Plaintiffs contend, without citation to authority, that CHP’s duty to operate the truck scales so as to avoid trucks backing up onto the freeway was mandatory. Plaintiffs did not allege below that CHP was liable for failing to discharge a mandatory duty (see § 815.6 [public entity liable for injury caused by its failure to discharge a mandatory duty “imposed by an enactment that is designed to protect against the risk of a particular kind of injury”]), instead basing their cause of action against CHP only on a theory of premises liability. As plaintiffs do not cite section 815.6 in their briefs on appeal, we conclude they are not attempting to premise CHP’s liability on this provision for the first time now. In any case, they have not established that the CHP manual, which stated that traffic flow should be maintained so that vehicles did not back up on to the roadway, qualified as an enactment. (See Posey v. State of California (1986) 180 Cal.App.3d 836, 847-849 [internal CHP guideline not enactment within meaning of section 815.6].)

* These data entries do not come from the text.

Lemma wf_fields_meet : wf_fields fields_meet.
Proof.
by do 2?apply: wf_fields_cat; apply: wf_fields_map => i; rewrite mem_filter => /andP[? ?];
  auto with wf.
Qed.

Lemma uniq_labels_meet : uniq (labels fields_meet).
Proof.
rewrite /labels !map_cat -!map_comp -!map_cat map_inj_uniq // !cat_uniq !filter_uniq //=.
rewrite andbT; apply/andP; split; apply/hasPn => i; rewrite ?mem_cat !mem_filter.
  all: by case: (i \in I); case: (i \in J).
Qed.

Lemma mem_fields_meet k : [/\ k \in I -> k \notin J -> (l k, sigma k) \in fields_meet,
  k \in J -> k \notin I -> (l k, tau k) \in fields_meet &
  k \in I -> k \in J -> (l k, TInt (sigma k) (tau k)) \in fields_meet].
Proof.
split=> kX kY; rewrite !mem_cat; apply/or3P.
- by apply: Or31; apply: (map_f (fun i => (l i, sigma i))); rewrite mem_filter kX kY.
- by apply: Or32; apply: (map_f (fun j => (l j, tau j))); rewrite mem_filter kX kY.
- by apply: Or33; apply: (map_f (fun k => (l k, TInt (sigma k) (tau k)))); rewrite mem_filter kX kY.
Qed.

Plaintiffs also raise a number of challenges to the trial court’s rulings on the parties’ objections to evidence. They have provided inadequate citations to the portions of the record that contain the disputed evidence, and they have cited no authority for their contentions. Accordingly, we will treat these points as waived. (See Badie v. Bank of America (1998) 67 Cal.App.4th 779, 784-785; Guthrey v. State of California (1998) 63 Cal.App.4th 1108, 1115.) In any case, we have reviewed the record, and even if the trial court had ruled otherwise on the disputed evidence, our conclusions would be the same.
III. DISPOSITION
The judgment is affirmed.
We concur: RUVOLO, P.J., REARDON, J.